Friday, October 19, 2007

Atlantic Carbon Uptake Halved!

Breaking news today: Now this is worrisome to say the least. In the narrow time space of the past 10 years the carbon uptake of the Atlantic ocean has shrunk dramatically. We need to watch this trend very closely. It could signal Purgatory time.

The combined data of some 90 thousand measuring time-points (that is a staggering set of almost 100 thousand separate measurement) shows a disturbing trend. In the past ten years since the 1990s the amount of carbon dioxide (CO2) that the ENTIRE Atlantic ocean can mop up from the atmosphere has been cut i.

Why is it important? For two reasons at least.

One, the oceans are thought to be the real deal compared to old growth rain forest when it comes to cleaning up the atmosphere. And two, it is not just surface absorption by the huge body of water that helps. It is just as much important that the tiny crustacean organisms living there breath in CO2 and build it in the carbon of their tiny shells. When they die, they sink to the bottom, removing that carbon pretty much forever. And they live by the zillions, so this is a huge amount of carbon we are talking about.

The current measurement is alarming because it shows that a tremendous stress on those organisms could be taking its toll already. Their capacity to breath in CO2 may not have changed, but because of the salinity of the oceans that has increased due to the enormous amount of carbon it now absorbs, the size of shells those tiny creatures can grow is greatly eroded. Saline waters thin those shells. So when they sink in the end, they remove that much less carbon.

The halving of the overall carbon uptake in 10 short years is not a good trend. If it stays just linear then by the end of the next 20 years the uptake will be as little as 12.5% of what would be needed.

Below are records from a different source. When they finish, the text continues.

Lemma rsum_delta m k a : (k < m)%nat ->
  rsum m (fun i => if Nat.eq_dec i k then a else 0) = a.
Proof.
  induction m as [|m IH]; simpl; intros Hk; [lia|].
  destruct (Nat.eq_dec m k) as [->|Hne].
  - rewrite (rsum_ext k _ (fun _ => 0)), rsum_const0; [ring|].
    intros i Hi. destruct (Nat.eq_dec i k); [lia | reflexivity].
  - rewrite IH by lia. ring.
Qed.

Lemma vmax_aux_ge n u i : (i <= n)%nat -> u i <= vmax_aux n u.
Proof.
  induction n as [|n IH]; simpl; intros H.
  - replace i with 0%nat by lia. lra.
  - destruct (Nat.eq_dec i (S n)) as [->|Hne]; [apply Rmax_r|].
    eapply Rle_trans; [apply IH; lia | apply Rmax_l].
Qed.

Lemma vmax_aux_attained n u : exists i, (i <= n)%nat /\ vmax_aux n u = u i.
Proof.
  induction n as [|n [i [Hi He]]]; simpl; [exists 0%nat; auto|].
  unfold Rmax. destruct Rle_dec; [exists (S n) | exists i]; auto.
Qed.

Lemma vmax_aux_scale n u t : 0 <= t ->
  vmax_aux n (fun i => t * u i) = t * vmax_aux n u.
Proof.
  induction n as [|n IH]; simpl; intros Ht; [reflexivity|].
  rewrite IH by exact Ht. apply RmaxRmult, Ht.
Qed.

Lemma vmax_ge m u i : (i < m)%nat -> u i <= vmax m u.
Proof. intros. apply vmax_aux_ge. lia. Qed.

Lemma vmax_attained m u : (0 < m)%nat -> exists i, (i < m)%nat /\ vmax m u = u i.
Proof.
  intros Hm. destruct (vmax_aux_attained (Nat.pred m) u) as [i [Hi He]].
  exists i. split; [lia | exact He].
Qed.

Lemma vmax_scale m u t : 0 <= t -> vmax m (fun i => t * u i) = t * vmax m u.
Proof. apply vmax_aux_scale. Qed.

(** * Weak and strong duality *)

Definition ip m (u g : nat -> R) : R := rsum m (fun i => u i * g i).

Lemma ip_le_vmax m u v : simplex m v -> ip m u v <= vmax m u.
Proof.
  intros [Hv Hv1]. unfold ip.
  apply Rle_trans with (rsum m (fun i => vmax m u * v i)).
  - apply rsum_le; intros i Hi. apply Rmult_le_compat_r; [apply Hv | apply vmax_ge]; exact Hi.
  - rewrite rsum_scal, Hv1. lra.
Qed.

Definition sgn (x : R) : R := if Rlt_dec 0 x then 1 else if Rlt_dec x 0 then -1 else 0.

Lemma sgn_abs_le1 x : Rabs (sgn x) <= 1.
Proof.
  unfold sgn, Rabs. destruct Rlt_dec; [|destruct Rlt_dec]; destruct Rcase_abs; lra.
Qed.

Lemma sgn_opp x : sgn (- x) = - sgn x.
Proof.
  unfold sgn. destruct (Rlt_dec 0 x), (Rlt_dec x 0), (Rlt_dec 0 (- x)), (Rlt_dec (- x) 0); lra.
Qed.

Lemma sgn_mul_self x : sgn x * x = Rabs x.
Proof.
  unfold sgn, Rabs. destruct (Rlt_dec 0 x), (Rlt_dec x 0), Rcase_abs; lra.
Qed.

(* Summed gaps [f u + f^* (-g) + u g] for [f u = u^2/2] on [u >= 0], [f^* s = (s_+)^2/2]. *)
Definition fenchel_gap m (u g : nat -> R) : R :=
  rsum m (fun i => u i * g i + / 2 * u i ^ 2 + / 2 * Rmax (- g i) 0 ^ 2).

Lemma fenchel_gap_nonneg m u g : nonneg_vec m u -> 0 <= fenchel_gap m u g.
Proof.
  intros Hu. apply rsum_nonneg. intros i Hi. specialize (Hu i Hi).
  pose proof (pow2_ge_0 (u i + g i)). unfold Rmax. destruct Rle_dec; nra.
Qed.

Lemma fenchel_gap_eq0 m u g : nonneg_vec m u -> fenchel_gap m u g <= 0 ->
  forall i, (i < m)%nat -> u i = Rmax (- g i) 0.
Proof.
  intros Hu Hgap i Hi.
  assert (Hterm : forall j, (j < m)%nat ->
            0 <= u j * g j + / 2 * u j ^ 2 + / 2 * Rmax (- g j) 0 ^ 2).
  { intros j Hj. specialize (Hu j Hj).
    pose proof (pow2_ge_0 (u j + g j)). unfold Rmax. destruct Rle_dec; nra. }
  pose proof (rsum_eq0_nonneg m _ Hterm Hgap i Hi) as H0. specialize (Hu i Hi).
  unfold Rmax in *. destruct Rle_dec.
  - assert (0 <= u i * g i) by (apply Rmult_le_pos; lra).
    assert (u i * u i = 0) by nra. destruct (Rmult_integral _ _ H1); lra.
  - assert ((u i + g i) * (u i + g i) = 0) by nra.
    destruct (Rmult_integral _ _ H); lra.
Qed.

Lemma fenchel_gap_pos_part m g : fenchel_gap m (fun i => Rmax (- g i) 0) g = 0.
Proof.
  unfold fenchel_gap. transitivity (rsum m (fun _ => 0)); [|apply rsum_const0].
  apply rsum_ext; intros i _.
  unfold Rmax. destruct Rle_dec; field.
Qed.

Lemma pos_part_sq_le p h : Rmax (p + h) 0 ^ 2 <= Rmax p 0 ^ 2 + 2 * h * Rmax p 0 + h ^ 2.
Proof.
  unfold Rmax. destruct (Rle_dec (p + h) 0), (Rle_dec p 0); nra.
Qed.

Lemma nonpos_of_le_small_multiples s K : (forall t, 0 < t <= 1 -> s <= t * K) -> s <= 0.
Proof.
  intros H. destruct (Rle_dec s 0) as [|Hs]; [assumption|]. apply Rnot_le_lt in Hs.
  destruct (Rle_dec K 0) as [HK|HK].
  - specialize (H 1 ltac:(lra)). lra.
  - apply Rnot_le_lt in HK.
    assert (Ht : 0 < s / (s + K) <= 1).
    { split; [apply Rdiv_lt_0_compat; lra|].
      apply Rmult_le_reg_r with (s + K); [lra|]. field_simplify; lra. }
    specialize (H _ Ht).
    assert (s / (s + K) * K < s).
    { apply Rmult_lt_reg_r with (s + K); [lra|]. field_simplify; nra. }
    lra.
Qed.

Lemma dual_feasible_comb m a a' t : 0 <= t <= 1 -> dual_feasible m a -> dual_feasible m a' ->
  dual_feasible m (fun i j => a i j + t * (a' i j - a i j)).
Proof.
  intros Ht Ha Ha' i j Hi Hj.
  destruct (Ha i j Hi Hj) as [Habs Hanti], (Ha' i j Hi Hj) as [Habs' Hanti'].
  split; [|rewrite Hanti, Hanti'; ring].
  replace (a i j + t * (a' i j - a i j)) with ((1 - t) * a i j + t * a' i j) by ring.
  eapply Rle_trans; [apply Rabs_triang|]. rewrite !Rabs_mult.
  rewrite (Rabs_pos_eq (1 - t)), (Rabs_pos_eq t) by lra. nra.
Qed.

Lemma simplex_comb m v v' t : 0 <= t <= 1 -> simplex m v -> simplex m v' ->
  simplex m (fun i => v i + t * (v' i - v i)).
Proof.
  intros Ht [Hv Hv1] [Hv' Hv1']. split.
  - intros i Hi. specialize (Hv i Hi). specialize (Hv' i Hi). nra.
  - rewrite rsum_plus, rsum_scal, rsum_minus, Hv1, Hv1'. ring.
Qed.

Section Duality.

Variables (m : nat) (w : nat -> nat -> R) (lam sigma : R) (c : nat -> R).
Hypothesis Hsym : forall i j, (i < m)%nat -> (j < m)%nat -> w i j = w j i.
Hypothesis Hwnn : forall i j, (i < m)%nat -> (j < m)%nat -> 0 <= w i j.
Hypothesis Hlam : 0 <= lam.
Hypothesis Hsigma : 0 <= sigma.

Local Notation F := (Fobj m w lam sigma c).
Local Notation G := (Gobj m w lam sigma c).
Local Notation D := (Dobj m w lam sigma c).
Local Notation dual_point := (dual_point m w lam sigma c).

Definition dual_grad (a : nat -> nat -> R) (v : nat -> R) : nat -> R :=
  fun i => c i + lam / 2 * Aop m w a i + sigma * v i.

Definition dual_min (a0 : nat -> nat -> R) (v0 : nat -> R) : Prop :=
  dual_feasible m a0 /\ simplex m v0 /\
  forall a v, dual_feasible m a -> simplex m v -> D a0 v0 <= D a v.

Definition primal_min (x0 : nat -> R) : Prop :=
  nonneg_vec m x0 /\ forall u, nonneg_vec m u -> G x0 <= G u.

Lemma dual_point_E a v i : dual_point a v i = Rmax (- dual_grad a v i) 0.
Proof. unfold Defs.dual_point, projpos, dual_grad. f_equal. ring. Qed.

Lemma Dobj_E a v : D a v = / 2 * rsum m (fun i => Rmax (- dual_grad a v i) 0 ^ 2).
Proof.
  unfold Dobj, sqnorm. f_equal. apply rsum_ext; intros i _. rewrite dual_point_E. reflexivity.
Qed.

Lemma ip_Aop u a :
  ip m u (Aop m w a) = rsum m (fun i => rsum m (fun j => w i j * a i j * (u i - u j))).
Proof.
  unfold ip, Aop.
  transitivity (rsum m (fun i => rsum m (fun j => u i * w i j * a i j))
              - rsum m (fun i => rsum m (fun j => u i * w i j * a j i))).
  { rewrite <- rsum_minus. apply rsum_ext; intros i _.
    rewrite <- rsum_scal, <- rsum_minus. apply rsum_ext; intros; ring. }
  rewrite (rsum_swap m m (fun i j => u i * w i j * a j i)), <- rsum_minus.
  apply rsum_ext; intros i Hi. rewrite <- rsum_minus. apply rsum_ext; intros j Hj.
  rewrite (Hsym j i) by assumption. ring.
Qed.

Lemma ip_dual_grad u a v :
  ip m u (dual_grad a v) =
  ip m u c + lam / 2 * rsum m (fun i => rsum m (fun j => w i j * a i j * (u i - u j)))
  + sigma * ip m u v.
Proof.
  rewrite <- ip_Aop. unfold ip, dual_grad.
  rewrite <- !rsum_scal, <- !rsum_plus. apply rsum_ext; intros; ring.
Qed.

Lemma Fobj_ge_ip u a v : dual_feasible m a -> simplex m v -> ip m u (dual_grad a v) <= F u.
Proof.
  intros Ha Hv. rewrite ip_dual_grad. unfold Fobj, ip at 1.
  assert (Hpair : rsum m (fun i => rsum m (fun j => w i j * a i j * (u i - u j)))
                  <= rsum m (fun i => rsum m (fun j => w i j * Rabs (u i - u j)))).
  { apply rsum_le; intros i Hi; apply rsum_le; intros j Hj.
    rewrite Rmult_assoc. apply Rmult_le_compat_l; [apply Hwnn; assumption|].
    destruct (Ha i j Hi Hj) as [Habs _].
    apply Rle_trans with (Rabs (a i j * (u i - u j))); [apply RRle_abs|].
    rewrite Rabs_mult. pose proof (Rabs_pos (u i - u j)). nra. }
  pose proof (ip_le_vmax m u v Hv) as Hvmax.
  assert (Hlam2 : 0 <= lam / 2) by lra.
  pose proof (Rmult_le_compat_l _ _ _ Hlam2 Hpair).
  pose proof (Rmult_le_compat_l _ _ _ Hsigma Hvmax).
  lra.
Qed.

Lemma Fobj_attained u : (0 < m)%nat ->
  exists a v, dual_feasible m a /\ simplex m v /\ F u = ip m u (dual_grad a v).
Proof.
  intros Hm. destruct (vmax_attained m u Hm) as [k [Hk Hmax]].
  exists (fun i j => sgn (u i - u j)), (fun i => if Nat.eq_dec i k then 1 else 0).
  split; [|split].
  - intros i j _ _. split; [apply sgn_abs_le1|].
    replace (u j - u i) with (- (u i - u j)) by ring. rewrite sgn_opp. ring.
  - split; [intros i _; destruct Nat.eq_dec; lra | apply rsum_delta, Hk].
  - rewrite ip_dual_grad. unfold Fobj, ip.
    rewrite (rsum_ext m (fun i => u i * (if Nat.eq_dec i k then 1 else 0))
                        (fun i => if Nat.eq_dec i k then u k else 0)),
            rsum_delta, Hmax by (assumption || (intros i _; destruct Nat.eq_dec; subst; ring)).
    rewrite (rsum_ext m (fun i => rsum m (fun j => w i j * sgn (u i - u j) * (u i - u j)))
                        (fun i => rsum m (fun j => w i j * Rabs (u i - u j)))); [ring|].
    intros i _. apply rsum_ext; intros j _. rewrite Rmult_assoc, sgn_mul_self. reflexivity.
Qed.

Lemma Gobj_plus_Dobj u a v :
  G u + D a v = (F u - ip m u (dual_grad a v)) + fenchel_gap m u (dual_grad a v).
Proof.
  unfold Gobj. rewrite Dobj_E. unfold fenchel_gap, ip, sqnorm.
  rewrite !rsum_plus, !rsum_scal. ring.
Qed.

Lemma weak_duality u a v : nonneg_vec m u -> dual_feasible m a -> simplex m v ->
  - D a v <= G u.
Proof.
  intros Hu Ha Hv. pose proof (Gobj_plus_Dobj u a v).
  pose proof (Fobj_ge_ip u a v Ha Hv). pose proof (fenchel_gap_nonneg m u (dual_grad a v) Hu).
  lra.
Qed.

Lemma eq_dual_point_of_Gobj_le u a v : nonneg_vec m u -> dual_feasible m a -> simplex m v ->
  G u <= - D a v -> forall i, (i < m)%nat -> u i = dual_point a v i.
Proof.
  intros Hu Ha Hv HG i Hi. rewrite dual_point_E.
  apply (fenchel_gap_eq0 m u (dual_grad a v) Hu); [|exact Hi].
  pose proof (Gobj_plus_Dobj u a v). pose proof (Fobj_ge_ip u a v Ha Hv). lra.
Qed.

Lemma dual_grad_comb a a' v v' t i :
  dual_grad (fun i j => a i j + t * (a' i j - a i j)) (fun i => v i + t * (v' i - v i)) i
  = dual_grad a v i + t * (dual_grad a' v' i - dual_grad a v i).
Proof.
  assert (HA : Aop m w (fun i j => a i j + t * (a' i j - a i j)) i
               = Aop m w a i + t * (Aop m w a' i - Aop m w a i)).
  { unfold Aop. rewrite <- rsum_minus, <- rsum_scal, <- rsum_plus. apply rsum_ext; intros; ring. }
  unfold dual_grad. rewrite HA. ring.
Qed.

Lemma Dobj_comb_le a v a' v' t :
  D (fun i j => a i j + t * (a' i j - a i j)) (fun i => v i + t * (v' i - v i))
  <= D a v - t * ip m (dual_point a v) (fun i => dual_grad a' v' i - dual_grad a v i)
     + t ^ 2 / 2 * rsum m (fun i => (dual_grad a' v' i - dual_grad a v i) ^ 2).
Proof.
  rewrite !Dobj_E. unfold ip.
  set (g := dual_grad a v). set (d := fun i => dual_grad a' v' i - g i).
  apply Rle_trans with (/ 2 * rsum m (fun i => Rmax (- g i) 0 ^ 2
                          + 2 * (- t * d i) * Rmax (- g i) 0 + (- t * d i) ^ 2)).
  - apply Rmult_le_compat_l; [lra|]. apply rsum_le; intros i _.
    rewrite dual_grad_comb. fold g. fold (d i).
    replace (- (g i + t * d i)) with (- g i + - t * d i) by ring. apply pos_part_sq_le.
  - rewrite !rsum_plus.
    rewrite (rsum_ext m (fun i => 2 * (- t * d i) * Rmax (- g i) 0)
                        (fun i => (-2 * t) * (dual_point a v i * d i)))
      by (intros; rewrite dual_point_E; unfold g; ring).
    rewrite (rsum_ext m (fun i => (- t * d i) ^ 2) (fun i => t ^ 2 * d i ^ 2)) by (intros; ring).
    rewrite !rsum_scal. unfold d. right. field.
Qed.

Lemma dual_min_first_order a0 v0 a v : dual_min a0 v0 -> dual_feasible m a -> simplex m v ->
  ip m (dual_point a0 v0) (fun i => dual_grad a v i - dual_grad a0 v0 i) <= 0.
Proof.
  intros [Ha0 [Hv0 Hmin]] Ha Hv.
  set (s := ip m _ _). set (K := / 2 * rsum m (fun i => (dual_grad a v i - dual_grad a0 v0 i) ^ 2)).
  apply (nonpos_of_le_small_multiples s K). intros t Ht.
  assert (Ht' : 0 <= t <= 1) by lra.
  pose proof (Hmin _ _ (dual_feasible_comb m a0 a t Ht' Ha0 Ha) (simplex_comb m v0 v t Ht' Hv0 Hv)).
  pose proof (Dobj_comb_le a0 v0 a v t).
  apply Rmult_le_reg_l with t; [lra|]. unfold K, s in *. nra.
Qed.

However, because less uptake means more salinity which then means yet thinner shells, the trend is expected to feed back on itself. Further, yet thinner shells may no longer sink, only drift away and finally wash up. When those shells erode, the carbon is washed back into the waterways, soil and oceans increasing the salinity of all that.

So in case the trend is NOT linear, in just 20 years the uptake could reduce to just 3.125% of its original size. There in that period may actually come a point where shells could become so thin that they no longer sink at all. They would start drifting instead as it is not just the density of shells that matter but also the buoyancy of the water that would now keep them from sinking. Increasing storms would ensure huge braking waves and tornadoes sucking up then spitting the leftover CO2 into the lower atmosphere.

Notice that by this point, OCEANS COULD BE CO2 (or carbon dioxide) contributors. That level of salinity might start locally rotting a lot of surface plants such as sea weeds and such. And so OCEANS COULD BECOME CH4 (or methane) contributors. And that would be a big bad news as methane is much more potent greenhouse gas then carbon dioxide. Saline surface waters would also erode the thin shells now drifting and floating aimlessly there.

Weaker and weaker thermohaline circulation in the Atlantic could further exacerbate the trend as heavy and salty cold waters would not be available by then to still help with the sinking of critically thin shells.

By then oceans would no longer be refusing to mop up, but they would be net emitters of massive quantities of CO2 and possibly methane. We need to watch this disturbing trend VERY CLOSELY.

And regardless of what alarming data scientists measure, drastically reduce your personal carbon emission. If but one of us does not do it, the effort of all the rest of us becomes disrespected and soiled. Also mop up carbon individually as much as possible. The picture in 30-40 years is ain't pretty any way you cut it.

But if you don't stop engine when idle, don't walk or bike instead of any form of transport, cremate instead of burials and the list goes on, the picture is not likely to clear up after the PURGATORY of the next decades.

Do we really want to burn alive? Why bring Hell on Earth when it could be the stepping stone to Heaven.

The good thing about changing climate back is that path is now OPEN to ALL OF US. By the People, Of the People, for Mother Earth - All the Peoples Included.